> **Work request**
The whole listing is to be retyped exactly as it appears.

──────────────────────────────

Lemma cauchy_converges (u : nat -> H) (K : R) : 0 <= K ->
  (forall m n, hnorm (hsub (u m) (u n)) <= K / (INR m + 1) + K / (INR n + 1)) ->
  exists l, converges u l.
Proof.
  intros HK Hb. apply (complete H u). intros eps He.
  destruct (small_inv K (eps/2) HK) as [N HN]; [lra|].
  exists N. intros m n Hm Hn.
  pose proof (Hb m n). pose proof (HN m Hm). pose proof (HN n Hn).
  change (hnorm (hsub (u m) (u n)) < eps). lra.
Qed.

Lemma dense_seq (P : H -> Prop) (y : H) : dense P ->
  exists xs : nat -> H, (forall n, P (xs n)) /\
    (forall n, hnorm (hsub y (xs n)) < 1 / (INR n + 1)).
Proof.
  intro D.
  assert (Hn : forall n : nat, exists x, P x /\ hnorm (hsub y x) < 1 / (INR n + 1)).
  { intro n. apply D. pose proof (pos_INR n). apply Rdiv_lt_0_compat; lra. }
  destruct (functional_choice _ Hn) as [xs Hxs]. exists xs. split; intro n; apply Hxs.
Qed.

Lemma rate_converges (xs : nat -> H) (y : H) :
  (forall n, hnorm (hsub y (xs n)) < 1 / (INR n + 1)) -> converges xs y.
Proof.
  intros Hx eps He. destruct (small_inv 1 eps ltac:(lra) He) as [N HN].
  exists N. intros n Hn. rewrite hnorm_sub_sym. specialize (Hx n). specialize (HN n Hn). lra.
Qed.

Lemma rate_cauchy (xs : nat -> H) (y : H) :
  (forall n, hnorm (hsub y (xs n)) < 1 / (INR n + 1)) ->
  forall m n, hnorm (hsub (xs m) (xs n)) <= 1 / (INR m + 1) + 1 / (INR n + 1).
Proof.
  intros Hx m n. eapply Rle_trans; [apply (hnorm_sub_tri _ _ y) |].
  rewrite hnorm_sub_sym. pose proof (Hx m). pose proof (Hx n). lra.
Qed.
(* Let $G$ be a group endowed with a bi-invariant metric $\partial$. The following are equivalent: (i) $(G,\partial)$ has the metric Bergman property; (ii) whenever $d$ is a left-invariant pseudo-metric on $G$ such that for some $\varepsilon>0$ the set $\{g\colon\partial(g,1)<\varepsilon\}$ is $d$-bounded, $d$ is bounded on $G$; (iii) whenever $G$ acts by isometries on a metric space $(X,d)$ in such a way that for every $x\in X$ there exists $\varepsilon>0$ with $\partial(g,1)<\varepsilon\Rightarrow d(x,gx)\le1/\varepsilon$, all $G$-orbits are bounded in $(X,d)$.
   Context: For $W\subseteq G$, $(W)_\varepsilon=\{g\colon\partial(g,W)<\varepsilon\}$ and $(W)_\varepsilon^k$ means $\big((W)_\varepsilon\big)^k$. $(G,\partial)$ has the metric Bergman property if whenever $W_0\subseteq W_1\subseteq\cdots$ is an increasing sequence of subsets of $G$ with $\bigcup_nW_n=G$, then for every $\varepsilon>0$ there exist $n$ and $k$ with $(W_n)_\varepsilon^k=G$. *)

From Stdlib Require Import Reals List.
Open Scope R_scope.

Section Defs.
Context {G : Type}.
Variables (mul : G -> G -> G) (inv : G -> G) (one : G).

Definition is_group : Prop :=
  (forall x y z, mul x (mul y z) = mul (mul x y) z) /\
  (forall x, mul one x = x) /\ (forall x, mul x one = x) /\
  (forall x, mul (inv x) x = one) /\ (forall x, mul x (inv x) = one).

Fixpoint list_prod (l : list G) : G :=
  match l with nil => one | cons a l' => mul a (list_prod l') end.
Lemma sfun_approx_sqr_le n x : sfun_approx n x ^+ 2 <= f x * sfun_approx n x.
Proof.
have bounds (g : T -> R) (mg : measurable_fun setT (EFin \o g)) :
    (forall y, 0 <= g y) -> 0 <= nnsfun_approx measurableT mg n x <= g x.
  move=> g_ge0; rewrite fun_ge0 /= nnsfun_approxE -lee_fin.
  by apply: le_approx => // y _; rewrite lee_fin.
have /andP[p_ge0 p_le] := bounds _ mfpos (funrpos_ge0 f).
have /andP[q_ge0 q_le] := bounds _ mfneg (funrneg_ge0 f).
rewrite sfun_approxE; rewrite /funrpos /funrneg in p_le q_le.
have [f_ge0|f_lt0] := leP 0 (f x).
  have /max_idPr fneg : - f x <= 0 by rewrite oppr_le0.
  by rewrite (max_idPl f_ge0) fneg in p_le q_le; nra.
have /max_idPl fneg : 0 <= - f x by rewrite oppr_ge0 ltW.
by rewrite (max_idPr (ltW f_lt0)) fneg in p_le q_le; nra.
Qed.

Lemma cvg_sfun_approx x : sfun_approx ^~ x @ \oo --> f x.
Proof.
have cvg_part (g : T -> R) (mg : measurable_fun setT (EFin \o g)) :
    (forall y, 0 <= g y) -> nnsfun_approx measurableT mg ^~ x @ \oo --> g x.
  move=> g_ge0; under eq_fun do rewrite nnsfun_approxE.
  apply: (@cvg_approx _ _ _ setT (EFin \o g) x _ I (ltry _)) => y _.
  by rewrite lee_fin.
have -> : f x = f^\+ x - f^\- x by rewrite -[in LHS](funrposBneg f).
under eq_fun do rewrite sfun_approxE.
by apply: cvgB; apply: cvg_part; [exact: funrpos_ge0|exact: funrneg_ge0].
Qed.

──────────────────────────────

> **Written answer**
Lemma cauchy_converges (u : nat -> H) (K : R) : 0 <= K ->
  (forall m n, hnorm (hsub (u m) (u n)) <= K / (INR m + 1) + K / (INR n + 1)) ->
  exists l, converges u l.
Proof.
  intros HK Hb. apply (complete H u). intros eps He.
  destruct (small_inv K (eps/2) HK) as [N HN]; [lra|].
  exists N. intros m n Hm Hn.
  pose proof (Hb m n). pose proof (HN m Hm). pose proof (HN n Hn).
  change (hnorm (hsub (u m) (u n)) < eps). lra.
Qed.

Lemma dense_seq (P : H -> Prop) (y : H) : dense P ->
  exists xs : nat -> H, (forall n, P (xs n)) /\
    (forall n, hnorm (hsub y (xs n)) < 1 / (INR n + 1)).
Proof.
  intro D.
  assert (Hn : forall n : nat, exists x, P x /\ hnorm (hsub y x) < 1 / (INR n + 1)).
  { intro n. apply D. pose proof (pos_INR n). apply Rdiv_lt_0_compat; lra. }
  destruct (functional_choice _ Hn) as [xs Hxs]. exists xs. split; intro n; apply Hxs.
Qed.

Lemma rate_converges (xs : nat -> H) (y : H) :
  (forall n, hnorm (hsub y (xs n)) < 1 / (INR n + 1)) -> converges xs y.
Proof.
  intros Hx eps He. destruct (small_inv 1 eps ltac:(lra) He) as [N HN].
  exists N. intros n Hn. rewrite hnorm_sub_sym. specialize (Hx n). specialize (HN n Hn). lra.
Qed.

Lemma rate_cauchy (xs : nat -> H) (y : H) :
  (forall n, hnorm (hsub y (xs n)) < 1 / (INR n + 1)) ->
  forall m n, hnorm (hsub (xs m) (xs n)) <= 1 / (INR m + 1) + 1 / (INR n + 1).
Proof.
  intros Hx m n. eapply Rle_trans; [apply (hnorm_sub_tri _ _ y) |].
  rewrite hnorm_sub_sym. pose proof (Hx m). pose proof (Hx n). lra.
Qed.
(* Let $G$ be a group endowed with a bi-invariant metric $\partial$. The following are equivalent: (i) $(G,\partial)$ has the metric Bergman property; (ii) whenever $d$ is a left-invariant pseudo-metric on $G$ such that for some $\varepsilon>0$ the set $\{g\colon\partial(g,1)<\varepsilon\}$ is $d$-bounded, $d$ is bounded on $G$; (iii) whenever $G$ acts by isometries on a metric space $(X,d)$ in such a way that for every $x\in X$ there exists $\varepsilon>0$ with $\partial(g,1)<\varepsilon\Rightarrow d(x,gx)\le1/\varepsilon$, all $G$-orbits are bounded in $(X,d)$.
   Context: For $W\subseteq G$, $(W)_\varepsilon=\{g\colon\partial(g,W)<\varepsilon\}$ and $(W)_\varepsilon^k$ means $\big((W)_\varepsilon\big)^k$. $(G,\partial)$ has the metric Bergman property if whenever $W_0\subseteq W_1\subseteq\cdots$ is an increasing sequence of subsets of $G$ with $\bigcup_nW_n=G$, then for every $\varepsilon>0$ there exist $n$ and $k$ with $(W_n)_\varepsilon^k=G$. *)

From Stdlib Require Import Reals List.
Open Scope R_scope.

Section Defs.
Context {G : Type}.
Variables (mul : G -> G -> G) (inv : G -> G) (one : G).

Definition is_group : Prop :=
  (forall x y z, mul x (mul y z) = mul (mul x y) z) /\
  (forall x, mul one x = x) /\ (forall x, mul x one = x) /\
  (forall x, mul (inv x) x = one) /\ (forall x, mul x (inv x) = one).

Fixpoint list_prod (l : list G) : G :=
  match l with nil => one | cons a l' => mul a (list_prod l') end.
Lemma sfun_approx_sqr_le n x : sfun_approx n x ^+ 2 <= f x * sfun_approx n x.
Proof.
have bounds (g : T -> R) (mg : measurable_fun setT (EFin \o g)) :
    (forall y, 0 <= g y) -> 0 <= nnsfun_approx measurableT mg n x <= g x.
  move=> g_ge0; rewrite fun_ge0 /= nnsfun_approxE -lee_fin.
  by apply: le_approx => // y _; rewrite lee_fin.
have /andP[p_ge0 p_le] := bounds _ mfpos (funrpos_ge0 f).
have /andP[q_ge0 q_le] := bounds _ mfneg (funrneg_ge0 f).
rewrite sfun_approxE; rewrite /funrpos /funrneg in p_le q_le.
have [f_ge0|f_lt0] := leP 0 (f x).
  have /max_idPr fneg : - f x <= 0 by rewrite oppr_le0.
  by rewrite (max_idPl f_ge0) fneg in p_le q_le; nra.
have /max_idPl fneg : 0 <= - f x by rewrite oppr_ge0 ltW.
by rewrite (max_idPr (ltW f_lt0)) fneg in p_le q_le; nra.
Qed.

Lemma cvg_sfun_approx x : sfun_approx ^~ x @ \oo --> f x.
Proof.
have cvg_part (g : T -> R) (mg : measurable_fun setT (EFin \o g)) :
    (forall y, 0 <= g y) -> nnsfun_approx measurableT mg ^~ x @ \oo --> g x.
  move=> g_ge0; under eq_fun do rewrite nnsfun_approxE.
  apply: (@cvg_approx _ _ _ setT (EFin \o g) x _ I (ltry _)) => y _.
  by rewrite lee_fin.
have -> : f x = f^\+ x - f^\- x by rewrite -[in LHS](funrposBneg f).
under eq_fun do rewrite sfun_approxE.
by apply: cvgB; apply: cvg_part; [exact: funrpos_ge0|exact: funrneg_ge0].
Qed.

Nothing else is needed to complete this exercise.